Seila Law v. Consumer Financial Protection Bureau
Seila Law v. Consumer Financial Protection Bureau | |
Term: 2019 | |
Important Dates | |
Argument: March 3, 2020 Decision: June 29, 2020 | |
Outcome | |
vacated and remanded the 9th Circuit's ruling | |
Vote | |
5-4 | |
Majority | |
Chief Justice John G. Roberts • Clarence Thomas • Samuel Alito • Neil Gorsuch • Brett Kavanaugh | |
Concurring | |
Clarence Thomas • Neil Gorsuch • Elena Kagan • Ruth Bader Ginsburg • Stephen Breyer • Sonia Sotomayor | |
Dissenting | |
Clarence Thomas • Neil Gorsuch • Elena Kagan • Ruth Bader Ginsburg • Stephen Breyer • Sonia Sotomayor |
Seila Law v. Consumer Financial Protection Bureau is a 2020 U.S. Supreme Court case that examined the extent of the president’s appointment and removal powers. In a 5-4 decision, the court ruled that the structure of the Consumer Financial Protection Bureau (CFPB), an independent agency that exercised executive powers and had a director protected from at-will termination by the president, was unconstitutional. The majority held that restrictions on the president's ability to remove such agency leaders violated separation of powers principles by limiting presidential control of executive power. The decision only affected part of the agency's structure without eliminating the agency altogether by striking down the Dodd-Frank Act, the 2010 law that created the agency.[1]
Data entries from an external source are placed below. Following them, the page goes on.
Lemma kt_eqP k : 0 < k ->
  kt_eq g k <->
  has_disjoint_trees g k /\ exists2 D : {set edge g}, ~ conn (~: D) & #|D| <= k.
Proof.
move=> k_gt0; split=> [[[[D [nD <-]] _] [_ [trk _]]] | [trk [D nD leDk]]].
  by split=> //; exists D.
split; split.
- by exists D; split=> //; apply/eqP; rewrite eqn_leq leDk (disjoint_trees_cut trk nD).
- by move=> A; apply: disjoint_trees_cut trk.
- exact: disjoint_trees_conn k_gt0 trk.
- by split=> // /disjoint_trees_cut/(_ nD)/leq_trans/(_ leDk); rewrite ltnn.
Qed.

Lemma min_disconnecting_edge_cut C : conn [set: edge g] -> ~ conn (~: C) ->
  (forall C', ~ conn (~: C') -> #|C| <= #|C'|) -> edge_cut C.
Proof.
move=> cg nC minC; have n_gt0 : 0 < n := ltnW (nconn_gt1 nC).
rewrite /edge_cut (ncomp_conn n_gt0 cg); split; first exact: ncomp_nconn.
move=> C' ltC'C; rewrite (ncomp_conn n_gt0) //; apply/connP.
by case: (connP (~: C')) => // /minC; rewrite leqNgt proper_card.
Qed.

Lemma edge_cut_disconnects C :
  0 < n -> conn [set: edge g] -> edge_cut C -> ~ conn (~: C).
Proof. by move=> n_gt0 cg [+ _] cC; rewrite !(ncomp_conn n_gt0) ?ltnn. Qed.
End Packing.

Section EdgeEmbedding.
Variables (n : nat) (g1 g2 : mgraph n) (phi : edge g1 -> edge g2).
Hypotheses (phi_inj : injective phi) (ends_phi : forall i, ends (phi i) = ends i).
Implicit Types (B : {set edge g1}) (D : {set edge g2}).

Lemma adj_imset B : adj (phi @: B) =2 adj B.
Proof.
move=> u v; apply/existsP/existsP => [[_ /andP[/imsetP[i iB ->]]] | [i /andP[iB]]].
  by rewrite ends_phi; exists i; rewrite iB.
by rewrite -ends_phi; exists (phi i); rewrite imset_f.
Qed.

Lemma conn_imset B : conn (phi @: B) <-> conn B.
Proof. by split=> cB u v; move: (cB u v); rewrite (eq_connect (adj_imset B)). Qed.

Lemma spanning_tree_imset B : spanning_tree (phi @: B) <-> spanning_tree B.
Proof.
split=> -[cB minB]; split; try exact/conn_imset.
  move=> e eB /(conn_imset (B :\ e)); rewrite imsetD1 //.
  exact/minB/imset_f.
by move=> _ /imsetP[i iB ->]; rewrite -imsetD1 // => /conn_imset; apply: minB.
Qed.

Lemma disjoint_trees_imset m : has_disjoint_trees g1 m -> has_disjoint_trees g2 m.
Proof.
case=> F [tF dF]; exists (fun i => phi @: F i); split=> [i | i j /dF].
  exact/spanning_tree_imset.
rewrite -!setI_eq0 -imsetI; last exact: in2W phi_inj.
by move/eqP ->; rewrite imset0.
Qed.

Lemma disjoint_trees_preimset m (F : 'I_m -> {set edge g2}) :
  (forall i, spanning_tree (F i)) -> (forall i j, i != j -> [disjoint F i & F j]) ->
  (forall i, F i \subset phi @: setT) -> has_disjoint_trees g1 m.
Proof.
move=> tF dF sF; exists (fun i => phi @^-1: F i); split=> [i | i j /dF].
  apply/spanning_tree_imset; suff -> : phi @: (phi @^-1: F i) = F i by [].
  apply/eqP; rewrite eqEsubset sub_imset_pre subxx; apply/subsetP => x xF.
  have /imsetP[y _ xy] := subsetP (sF i) x xF.
  by rewrite xy imset_f // inE -xy.
by rewrite -!setI_eq0 -preimsetI => /eqP ->; rewrite preimset0.
Qed.

Lemma nconn_preimset D : ~ conn (~: D) -> ~ conn (~: phi @^-1: D).
Proof.
move=> nD /conn_imset cD; apply/nD/(connS _ cD).
by rewrite sub_imset_pre preimsetC.
Qed.

Lemma card_preimset_inj D : #|phi @^-1: D| <= #|D|.
Proof.
by rewrite -(card_imset _ phi_inj); apply/subset_leq_card; rewrite sub_imset_pre.
Qed.
End EdgeEmbedding.

Section Subgraph.
Variables (n : nat) (g : mgraph n) (A : {set edge g}).

Definition sub_edges := [seq i <- enum 'I_(size g) | i \in A].

Lemma subgraphE : subgraph A = map (tnth (in_tuple g)) sub_edges.
Proof.
rewrite /subgraph /sub_edges filter_mask map_mask.
by rewrite [in RHS](map_tnth_enum (in_tuple g)).
Qed.

Lemma size_subgraph_edges : size (subgraph A) = size sub_edges.
Proof. by rewrite subgraphE size_map. Qed.

(* Edge j of the subgraph is the j-th edge of A in increasing order. *)
Definition sub_edge (j : edge (subgraph A)) : edge g :=
  tnth (in_tuple sub_edges) (cast_ord size_subgraph_edges j).

Lemma sub_edgeE j x0 : sub_edge j = nth x0 sub_edges j.
Proof. by rewrite /sub_edge (tnth_nth x0). Qed.

Lemma ends_sub_edge j : ends (sub_edge j) = ends j.
Proof.
have nth_subgraph k x0 y0 : k < size sub_edges ->
    nth x0 (subgraph A) k = tnth (in_tuple g) (nth y0 sub_edges k).
  by move=> lt_k; rewrite subgraphE (nth_map y0).
rewrite /ends [RHS](tnth_nth (ends (sub_edge j))) (nth_subgraph _ _ (sub_edge j)).
  by rewrite -sub_edgeE.
by rewrite -size_subgraph_edges.
Qed.

Lemma sub_edge_inj : injective sub_edge.
Proof.
move=> j1 j2; pose x0 := sub_edge j1.
rewrite (sub_edgeE j1 x0) (sub_edgeE j2 x0) => /eqP.
have uniq_sub : uniq sub_edges by apply/filter_uniq/enum_uniq.
by rewrite nth_uniq -?size_subgraph_edges // => /eqP/val_inj.
Qed.

Lemma imset_sub_edge : sub_edge @: setT = A.
Proof.
apply/setP => x; apply/imsetP/idP => [[j _ ->] | xA].
  have := mem_tnth (cast_ord size_subgraph_edges j) (in_tuple sub_edges).
  by rewrite mem_filter => /andP[].
have xs : x \in sub_edges by rewrite mem_filter xA mem_enum.
have lt_x : index x sub_edges < size (subgraph A) by rewrite size_subgraph_edges index_mem.
by exists (Ordinal lt_x); rewrite // (sub_edgeE _ x) nth_index.
Qed.
(* Let $0<\varepsilon\le 1$. Then every point of $i(0,\infty)=\{i s: s>0\}$ is an eigenvalue of $t$, and every point of $-i(0,\infty)=\{-is: s>0\}$ is an eigenvalue of $S_\varepsilon$. In particular, $t$ and $S_\varepsilon$ are unbounded operators.
   Context: Work in $L^2(\mathbb{R})$ with inner product $(f,g)=\int\overline{f(x)}g(x)\,dx$. Let $q$ be the self-adjoint multiplication operator $(qf)(x)=xf(x)$ on $D(q)=\{f\in L^2(\mathbb{R}): xf\in L^2(\mathbb{R})\}$ and $p=-i\,\frac{d}{dx}$ the self-adjoint momentum operator. Since $q$ is injective and self-adjoint, $q^{-1}$ is a (densely defined) self-adjoint operator. Define $t=q^{-1}p$ with domain $D(t)=\{f\in D(p): pf\in D(q^{-1})\}$. Let $L^2_0$ denote the subspace of even functions in $L^2(\mathbb{R})$. For $0<\varepsilon\le1$, define the operator $S_\varepsilon$ in $L^2_0$ by $D(S_\varepsilon)=\{f\in L^2_0\cap\bigcap_{n\ge0}D(t^{2n+1}) : \lim_{N\to\infty}\sum_{n=0}^N\frac{(-1)^n}{2n+1}(\sqrt{\varepsilon}\,t)^{2n+1}f \text{ exists in norm}\}$, $S_\varepsilon f=-\frac{1}{\sqrt\varepsilon}\sum_{n=0}^\infty\frac{(-1)^n}{2n+1}(\sqrt\varepsilon\,t)^{2n+1}f$ (formally $S_\varepsilon=-\varepsilon^{-1/2}\arctan(\sqrt\varepsilon\, t)$). *)

From HB Require Import structures.
From mathcomp Require Import all_boot all_order all_algebra.
From mathcomp Require Import all_classical all_reals all_analysis.
From mathcomp Require Import complex.

Set Implicit Arguments.
Unset Strict Implicit.
Unset Printing Implicit Defensive.

Import Order.TTheory GRing.Theory Num.Theory.
Import numFieldNormedType.Exports.

Local Open Scope classical_set_scope.
Local Open Scope ring_scope.
Local Open Scope complex_scope.

(* Complex-valued functions on the real line: f : R -> R[i].
   Elements of L^2(R) are represented by functions; equality in L^2 is
   Lebesgue-a.e. equality. *)

Section L2defs.
Variable R : realType.
Local Notation mu := (@lebesgue_measure R).
Local Notation C := (R[i]).

Definition cnorm2 (z : C) : R := (complex.Re z) ^+ 2 + (complex.Im z) ^+ 2.

Definition cmeasurable (f : R -> C) : Prop :=
  measurable_fun setT (fun x => complex.Re (f x)) /\ measurable_fun setT (fun x => complex.Im (f x)).

Definition l2norm2 (f : R -> C) : \bar R := (\int[mu]_x (cnorm2 (f x))%:E)%E.

Definition L2 (f : R -> C) : Prop := cmeasurable f /\ (l2norm2 f < +oo)%E.

Definition aeq (f g : R -> C) : Prop := {ae mu, forall x, f x = g x}.

Definition L2even (f : R -> C) : Prop := L2 f /\ aeq f (fun x => f (- x)).

Definition cprim (h : R -> C) (x : R) : C :=
  if (0 <= x)%R then
    (Rintegral mu `[0, x] (fun y => complex.Re (h y))) +i* (Rintegral mu `[0, x] (fun y => complex.Im (h y)))
  else
    - ((Rintegral mu `[x, 0] (fun y => complex.Re (h y))) +i* (Rintegral mu `[x, 0] (fun y => complex.Im (h y)))).

(* graph of the momentum operator p = -i d/dx on its self-adjoint domain H^1(R):
   f \in D(p) and p f = g  iff  f, g \in L^2 and f is a.e. equal to an
   absolutely continuous function with derivative i g, i.e.
   f(x) = c + i \int_0^x g  for a.e. x. *)
Definition is_p (f g : R -> C) : Prop :=
  L2 f /\ L2 g /\ exists c : C, {ae mu, forall x, f x = c + 'i * cprim g x}.

(* graph of q^{-1}: g \in D(q^{-1}) = Ran q and q^{-1} g = h  iff
   g, h \in L^2 and g(x) = x h(x) a.e. *)
Definition is_qinv (g h : R -> C) : Prop :=
  L2 g /\ L2 h /\ {ae mu, forall x, g x = x%:C * h x}.

Definition is_t (f h : R -> C) : Prop := exists g, is_p f g /\ is_qinv g h.

Fixpoint is_tpow (n : nat) (f h : R -> C) : Prop :=
  match n with
  | 0%N => L2 f /\ aeq f h
  | n'.+1 => exists g, is_t f g /\ is_tpow n' g h
  end.

Definition L2cvg (u : nat -> R -> C) (g : R -> C) : Prop :=
  (fun n => l2norm2 (fun x => u n x - g x)) @ \oo --> 0%E.

Definition Scoef (eps : R) (n : nat) : R :=
  (-1) ^+ n / (n.*2.+1)%:R * (Num.sqrt eps) ^+ (n.*2.+1).
Lemma image_incl_of_kernel_eq (n : nat) (S P : 'M[R]_n) :
  (forall u : 'rV_n, (u *m S == 0) = (u *m P == 0)) ->
  (forall u : 'rV_n, exists w : 'rV_n, u *m P = w *m S) ->
  forall u : 'rV_n, exists w : 'rV_n, u *m S = w *m P.
Proof.
move=> hker him.
have PS : (P <= S)%MS.
  apply/row_subP => i; have [w hw] := him (row i 1%:M).
  have -> : row i P = row i 1%:M *m P by rewrite -row_mul mul1mx.
  by rewrite hw submxMl.
have kerSP : (kermx S == kermx P)%MS.
  apply/andP; split; apply/row_subP => i; apply/sub_kermxP.
    by apply/eqP; rewrite -hker; apply/eqP/sub_kermxP/row_sub.
  by apply/eqP; rewrite hker; apply/eqP/sub_kermxP/row_sub.
have rankSP : \rank S = \rank P.
  have := mxrank_ker S; have := mxrank_ker P; rewrite (eqmx_rank kerSP).
  by have := rank_leq_col S; have := rank_leq_col P; lia.
have SP : (S <= P)%MS by rewrite -(mxrank_leqif_sup PS) rankSP.
by move=> u; apply/submxP; apply: submx_trans (submxMl u S) SP.
Qed.

Definition rv (n : nat) (x : nat -> R) : 'rV[R]_n := \row_(j < n) x j.
Definition unrv (n : nat) (r : 'rV[R]_n) : nat -> R :=
  fun i => if insub i is Some j then r 0 j else 0.
Arguments unrv {n}.
Definition mxof (n : nat) (M : nat -> nat -> R) : 'M[R]_n := \matrix_(i < n, j < n) M j i.

Lemma rsum_big n (f : nat -> R) : rsum n f = \sum_(k < n) f k.
Proof. by elim: n => [|n IH] /=; rewrite ?big_ord0 // big_ord_recr /= IH. Qed.

Lemma unrv_vec {n} (r : 'rV[R]_n) : vec n (unrv r).
Proof. by move=> i /leP hi; rewrite /unrv insubN // -leqNgt. Qed.

Lemma unrvK {n x} : vec n x -> unrv (rv n x) = x.
Proof.
move=> hx; apply: functional_extensionality => i; rewrite /unrv.
case: insubP => [j _ <-|]; first by rewrite mxE.
by rewrite -leqNgt => /leP h; rewrite hx.
Qed.

Lemma rvK {n} (r : 'rV[R]_n) : rv n (unrv r) = r.
Proof.
apply/rowP => j; rewrite mxE /unrv insubT //= => h.
by congr (r 0 _); apply: val_inj.
Qed.

Lemma rv_mat n M x : rv n (mat_vec n M x) = rv n x *m mxof n M.
Proof.
apply/rowP => j; rewrite !mxE /mat_vec.
have -> : Nat.ltb j n = true by apply/PeanoNat.Nat.ltb_lt/ltP.
by rewrite rsum_big; apply: eq_bigr => k _; rewrite !mxE mulrC.
Qed.

Lemma rv_iter n L k x : rv n (Nat.iter k (mat_vec n L) x) = rv n x *m (mxof n L) ^+ k.
Proof.
elim: k => [|k IH] /=; first by rewrite expr0 mulmx1.
by rewrite rv_mat IH exprSr mulmxA.
Qed.

Lemma rv_zero n : rv n vzero = 0.
Proof. by apply/rowP => j; rewrite !mxE. Qed.

Lemma rv_inj n x y : vec n x -> vec n y -> rv n x = rv n y -> x = y.
Proof. by move=> hx hy e; rewrite -(unrvK hx) -(unrvK hy) e. Qed.

Lemma rv_eq0 n x : vec n x -> rv n x = 0 <-> x = vzero.
Proof.
move=> hx; split=> [e|->]; last exact: rv_zero.
have hz : vec n vzero by [].
by apply: (rv_inj n x vzero hx hz); rewrite e rv_zero.
Qed.

Lemma image_incl_iter n (S L : nat -> nat -> R) k :
  (forall x, vec n x -> (mat_vec n S x = vzero <-> Nat.iter k (mat_vec n L) x = vzero)) ->
  (forall x, vec n x -> exists w, vec n w /\ Nat.iter k (mat_vec n L) x = mat_vec n S w) ->
  forall x, vec n x -> exists w, vec n w /\ mat_vec n S x = Nat.iter k (mat_vec n L) w.
Proof.
move=> hker him x hx.
have kerSP (u : 'rV_n) : (u *m mxof n S == 0) = (u *m (mxof n L ^+ k) == 0).
  rewrite -(rvK u) -rv_mat -rv_iter; have hy := unrv_vec u.
  apply/eqP/eqP => e.
    exact/(rv_eq0 _ _ (iter_vec _ _ _ _ hy))/(hker _ hy)/(rv_eq0 _ _ (mv_vec _ _ _)).
  exact/(rv_eq0 _ _ (mv_vec _ _ _))/(hker _ hy)/(rv_eq0 _ _ (iter_vec _ _ _ _ hy)).
have imPS (u : 'rV_n) : exists w : 'rV_n, u *m (mxof n L ^+ k) = w *m mxof n S.
  have [w [_ e]] := him _ (unrv_vec u); exists (rv n w).
  by rewrite -(rvK u) -rv_iter e rv_mat.
have [w hw] := @image_incl_of_kernel_eq n _ _ kerSP imPS (rv n x).
exists (unrv w); split; first exact: unrv_vec.
apply: (@rv_inj n); [exact: mv_vec | exact/iter_vec/unrv_vec |].
by rewrite rv_mat rv_iter rvK.
Qed.
End MatrixRank.

Section Semisimple.
Variables (n : nat) (LS : nat -> nat -> R).
Hypothesis hss : semisimple n LS.

Lemma ker_subspace : subspace n (ker_op n LS).
Proof.
split; [|split; [|split]].
- intros x [h _]; auto.
- split; [intros i _; reflexivity | apply mv_zero].
- intros x y [h1 h2] [h3 h4]; split.
  + intros i hi; unfold vadd; rewrite h1, h3; auto; ring.
  + rewrite mv_add, h2, h4; vext.
- intros a x [h1 h2]; split.
  + intros i hi; unfold vscale; rewrite h1; auto; ring.
  + rewrite mv_scale, h2; vext.
Qed.

Lemma ker_invariant : invariant n LS (ker_op n LS).
Proof. intros x [_ h]; split; [apply mv_vec | rewrite h; apply mv_zero]. Qed.

Lemma ker_complement : exists V : (nat -> R) -> Prop, invariant n LS V /\
  (forall v, V v -> mat_vec n LS v = vzero -> v = vzero) /\
  (forall x, vec n x -> exists v, V v /\ mat_vec n LS x = mat_vec n LS v).
Proof.
destruct (hss _ ker_subspace ker_invariant) as [V [hV [hVi [hdisj hspan]]]].
exists V; split; [|split]; auto.
- intros v hv e; apply hdisj; auto; split; auto; apply hV; auto.
- intros x hx; destruct (hspan x hx) as [u [v [[_ hu] [hv ->]]]].
  exists v; split; auto; rewrite mv_add, hu; vext.
Qed.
The court nullified the judgment of the 9th Circuit and sent the case back for further proceedings to see whether Seila Law would have to obey a CFPB document request.[1]
Chief Justice John Roberts delivered the majority opinion, writing, "While we have previously upheld limits on the President’s removal authority in certain contexts, we decline to do so when it comes to principal officers who, acting alone, wield significant executive power." Part IV of his opinion, joined only by Justices Alito and Kavanaugh, argued in favor of eliminating the removal power restriction and leaving the rest of the Dodd-Frank Act intact.[1]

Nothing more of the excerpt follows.